# Help, Boxxer Maxle DH stuck ?



## keen (Jan 13, 2004)

My buddy has a Boxxer Team w/ a DH Maxle. He has apparantly sripped the 6mm hex. He and the fork are in another state so I am trying to help him out over the phone (he has little mechanical expertise). I have never used a DH Maxle though I do have a Pike. Looks like you could remove the end cap on the opposite side of the Maxle lever on my pike - does the boxxer have the same end cap w/ wrench flats ? Any tips . Thanks.


----------



## myarmisonfire (Mar 28, 2005)

Get him to take it to someone with lots of mechanical expertise before he completely ruins his lowers!


----------



## Whistgnar (Jan 24, 2010)

Mine got stuck and I had to drill mine out. I say bring it to a shop, if they damage it they pay for it not him.


----------



## brillantesdv (Oct 24, 2007)

unscrew the non-drive side bolt out, and bang on the rod inside. sometimes it gets stuck, and you wont be able to get a hex wrench into the drive side.


----------



## keen (Jan 13, 2004)

brillantesdv said:


> unscrew the non-drive side bolt out, and bang on the rod inside. sometimes it gets stuck, and you wont be able to get a hex wrench into the drive side.

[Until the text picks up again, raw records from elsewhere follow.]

(* Rotate x to y = e^{it} x so that z^* y = |z^* x| =: p, and let
   N = n = ||z||^2 = ||y||^2.  Expanding both quadratic forms, the optimality
   hypothesis reads N^2 - p^2 <= sigma Re((y - z)^* W (y + z)), since W is
   Hermitian.  By AM-GM and the operator-norm bound, 2 Re((y - z)^* W (y + z))
   <= t ||y - z||^2 + 9N ||y + z||^2 / t for every t > 0, where
   ||y -+ z||^2 = 2N -+ 2p; the choice t = (N + p) / (2 sigma) gives
   N^2 - p^2 <= 36 N sigma^2, hence N - p <= 36 sigma^2. *)

Local Notation Re := complex.Re.
Local Notation Im := complex.Im.

Section ComplexScalars.
Variable R : rcfType.
Implicit Types (a b : R[i]) (k : R).

Lemma conjcE a : Num.conj a = a^*%C.
Proof.
have [->|a0] := eqVneq a 0; first by rewrite rmorph0 conjc0.
by apply: (mulfI a0); rewrite -normCK sqr_normc.
Qed.

Lemma ReM a b : Re (a * b) = Re a * Re b - Im a * Im b.
Proof. by case: a => ? ?; case: b. Qed.

Lemma Re_conj a : Re (Num.conj a) = Re a.
Proof. by rewrite conjcE; case: a. Qed.

Lemma Re_conjM a b : Re (Num.conj a * b) = Re a * Re b + Im a * Im b.
Proof. by rewrite conjcE; case: a => ? ?; case: b => ? ? /=; lra. Qed.

Lemma Re_realM k a : Re (k%:C%C * a) = k * Re a.
Proof. by case: a => ? ? /=; lra. Qed.

Lemma normc_ge0 a : 0 <= normc a.
Proof. by case: a => ? ?; rewrite sqrtr_ge0. Qed.

Lemma sqr_normcE a : normc a ^+ 2 = Re a ^+ 2 + Im a ^+ 2.
Proof. by case: a => ? ? /=; rewrite sqr_sqrtr // addr_ge0 ?sqr_ge0. Qed.

Lemma normc_real k : normc (k%:C%C : R[i]) = `|k|.
Proof. by rewrite /= expr0n /= addr0 sqrtr_sqr. Qed.

Lemma real_normc a : (normc a)%:C%C = `|a|.
Proof. by case: a => ? ?; simpc. Qed.

Lemma normc_sum (I : finType) (F : I -> R[i]) :
  normc (\sum_i F i) <= \sum_i normc (F i).
Proof.
elim/big_rec2: _ => [|i y1 y2 _ h]; first by rewrite ComplexField.Normc.normc0.
exact: le_trans (le_normcD _ _) (lerD _ h).
Qed.

Lemma Re_le_normc a : Re a <= normc a.
Proof.
case: a => a1 a2 /=; apply: le_trans (ler_norm a1) _.
by rewrite -sqrtr_sqr ler_wsqrtr // lerDl sqr_ge0.
Qed.

End ComplexScalars.

Section Phase.
Variable R : realType.

Lemma normc_expi (t : R) : normc (expi t) = 1.
Proof. by rewrite /= cos2Dsin2 sqrtr1. Qed.

(* The angle is +- acos (Re S / |S|), with the sign of - Im S. *)
Lemma exists_expi_Re_normc (S : R[i]) : exists t : R, Re (expi t * S) = normc S.
Proof.
have [p0|pn0] := eqVneq (normc S) 0.
  by exists 0; rewrite (ComplexField.Normc.eq0_normc p0) mulr0
    ComplexField.Normc.normc0.
set p := normc S in pn0 *.
have p_gt0 : 0 < p by rewrite lt_def pn0 normc_ge0.
have hp2 : p ^+ 2 = Re S ^+ 2 + Im S ^+ 2 by rewrite sqr_normcE.
set a := Re S in hp2 *; set b := Im S in hp2 *.
have hab : -1 <= a / p <= 1.
  by rewrite ler_pdivlMr // ler_pdivrMr // mulN1r mul1r; apply/andP; split; nra.
have [t [ct st]] : exists t, cos t = a / p /\ sin t = - b / p.
  have ca := acosK (x := a / p); rewrite in_itv /= hab in ca.
  have sa := sin_acos hab.
  have cos2 : 1 - (a / p) ^+ 2 = (b / p) ^+ 2.
    rewrite !expr_div_n; apply/eqP; rewrite subr_eq -mulrDl addrC -hp2.
    by rewrite mulfV // expf_neq0.
  rewrite cos2 sqrtr_sqr in sa; have [b_le0|b_gt0] := leP b 0.
    exists (acos (a / p)); split; first exact: ca.
    by rewrite sa ler0_norm ?mulNr // pmulr_lle0 ?invr_gt0.
  exists (- acos (a / p)); split; first by rewrite cosN ca.
  by rewrite sinN sa gtr0_norm ?mulNr // divr_gt0.
exists t; rewrite ReM /= ct st -/a -/b.
have -> : a / p * a - - b / p * b = p ^+ 2 / p by rewrite hp2; field.
by rewrite expr2 mulfK.
Qed.

End Phase.

Section ConjugateTranspose.
Variable R : realType.

Lemma ctrmxM m n p (A : 'M[R[i]]_(m, n)) (B : 'M[R[i]]_(n, p)) :
  ctrmx (A *m B) = ctrmx B *m ctrmx A.
Proof. by rewrite /ctrmx map_mxM trmx_mul. Qed.

Lemma ctrmxK m n (A : 'M[R[i]]_(m, n)) : ctrmx (ctrmx A) = A.
Proof. by apply/matrixP => i j; rewrite !mxE conjCK. Qed.

Lemma ctrmx11 (A : 'M[R[i]]_1) : ctrmx A 0 0 = Num.conj (A 0 0).
Proof. by rewrite !mxE. Qed.

End ConjugateTranspose.

Section ComplexVectors.
Variables (R : realType) (n : nat).
Local Notation vec := 'cV[R[i]]_n.
Implicit Types (a b c u v : vec) (W : 'M[R[i]]_n).

Definition sqnorm v : R := \sum_(i < n) normc (v i 0) ^+ 2.

Lemma sqnorm_ge0 v : 0 <= sqnorm v.
Proof. by apply: sumr_ge0 => i _; rewrite sqr_ge0. Qed.

Lemma vnorm2_sqr v : vnorm2 v ^+ 2 = sqnorm v.
Proof. by rewrite sqr_sqrtr // sqnorm_ge0. Qed.

Lemma sqnorm_ReIm v : sqnorm v = \sum_i (Re (v i 0) ^+ 2 + Im (v i 0) ^+ 2).
Proof. by apply: eq_bigr => i _; rewrite sqr_normcE. Qed.

Lemma sqnormZ (k : R[i]) v : sqnorm (k *: v) = normc k ^+ 2 * sqnorm v.
Proof.
rewrite /sqnorm mulr_sumr; apply: eq_bigr => i _.
by rewrite mxE ComplexField.Normc.normcM exprMn.
Qed.
Ltac solve_continuity := repeat (match goal with
 | |- continuity_pt (fun t => @?f t / ?c) _ =>
     apply (continuity_pt_div f (fun _ => c));
     [| apply continuity_pt_const; intros ??; reflexivity | try (cbv beta; lra)]
 | |- continuity_pt (fun t => @?f t * @?g t) _ => apply (continuity_pt_mult f g)
 | |- continuity_pt (fun t => @?f t + @?g t) _ => apply (continuity_pt_plus f g)
 | |- continuity_pt (fun t => @?f t - @?g t) _ => apply (continuity_pt_minus f g)
 | |- continuity_pt (fun t => - @?f t) _ => apply (continuity_pt_opp f)
 | |- continuity_pt (fun t => @?f t ^ ?k) _ =>
     apply (continuity_pt_comp_total f (fun u => u ^ k));
     [| intro; apply derivable_continuous_pt, derivable_pt_pow]
 | |- continuity_pt (fun t => Rpower0 (@?f t) ?y) _ =>
     apply (continuity_pt_comp_total f (fun u => Rpower0 u y));
     [| intro; apply continuity_pt_Rpower0; try lra]
 | |- continuity_pt (fun t => exp (@?f t)) _ =>
     apply (continuity_pt_comp_total f exp); [| intro; apply derivable_continuous_pt, derivable_pt_exp]
 | |- continuity_pt (fun t => sqrt (@?f t)) _ =>
     apply (continuity_pt_comp_total f sqrt); [| apply continuity_pt_sqrt_all]
 | |- continuity_pt (fun t => Rabs (@?f t)) _ =>
     apply (continuity_pt_comp_total f Rabs); [| apply Rcontinuity_abs]
 | |- continuity_pt (fun t => sin (@?f t)) _ =>
     apply (continuity_pt_comp_total f sin); [| intro; apply derivable_continuous_pt, derivable_pt_sin]
 | |- continuity_pt (fun t => t) _ => apply derivable_continuous_pt, derivable_pt_id
 | |- continuity_pt (fun _ => _) _ => apply continuity_pt_const; intros ??; reflexivity
 end).

Lemma Rpower0_le_1 t y : 0 <= y -> t <= 1 -> Rpower0 t y <= 1.
Proof.
  intros Hy Ht. unfold Rpower0. destruct (Rlt_dec 0 t).
  - unfold Rpower. rewrite <- exp_0. apply exp_le.
    generalize (ln_le_minus_1 t r). intros. nra.
  - destruct (Rle_dec y 0); lra.
Qed.

Lemma Rpower0_ge_1 t y : 0 <= y -> 1 <= t -> 1 <= Rpower0 t y.
Proof.
  intros Hy Ht. rewrite Rpower0_pos by lra. unfold Rpower. rewrite <- exp_0. apply exp_le.
  assert (0 <= ln t) by (rewrite <- ln_1; apply ln_le; lra). nra.
Qed.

 Well the hex is stripped , can anything be done on the drive side ? If I had it I would slam an easy out into the hex and get that cap off or worst case drill something out. I wouldn't trust my buddy w/ anything other than simple hand tools. I have allready told him to bring it into an LBS or local machine shop (1st choice really). I was thinking there might be a trick or solution he might try first.


----------



## brillantesdv (Oct 24, 2007)

is he sure its stripped though? it might be he just cant get the head in... which is why i recommended banging on the rod.


----------



## FullMonty (Nov 3, 2008)

if you back the non-drive side all the way out and take out the expander stuff, it's just an 8 (or maybe 10) millimeter allen fitting.

basically, if it's possible, just back the NDS off until **** starts falling out, and the stripped bit on the drive side should come out, revealing the 10mm tooling that it normally engages.


----------



## Orangesicle (Feb 19, 2009)

Those effing things sukk. 
Unscrew and and tap it out a bit. Repeat.
You can replace the set screw with a through pin. If you drill carefully.
If you drill un-carefully, the drill bit becomes your new set screw.
Break off to desired length.


----------



## jmp1125 (Jul 10, 2010)

I had the same issue as you described. I was drunk and managed to strip both sides of the maxle where the hex wrench would go. As a last chance effort i took an old 6" bolt and used it to try to hammer the little screw axle on the inside. Apparently it was stuck. I guess this is a common issue with the maxle. i was able to hammer it out then use a 10mm hex wrench and get it way on the inside and the maxle came right out. Way better than having to buy new lowers and a front wheel.


----------



## Turbo302 (Sep 18, 2005)

If you're able to take out the smaller skewer parts, you can fit a 10mm allen key to unbolt the maxle from the drive side.


----------



## specializedbeta18 (Jul 31, 2008)

Turbo302 said:


> If you're able to take out the smaller skewer parts, you can fit a 10mm allen key to unbolt the maxle from the drive side.


+1
I was careless and did the same thing as the OP's buddy) and ending up using a 10mm allen to get it out. Easy as pie.


----------



## jmp1125 (Jul 10, 2010)

I heard that the 2010 maxles were much better and less prone to these issues. Will the 2010 maxle fit an old style 2009 or 2008 boxxer?

Has anyone ridden the maxle without the inside parts like the wedge. I wonder if that would be safe or just insane?


----------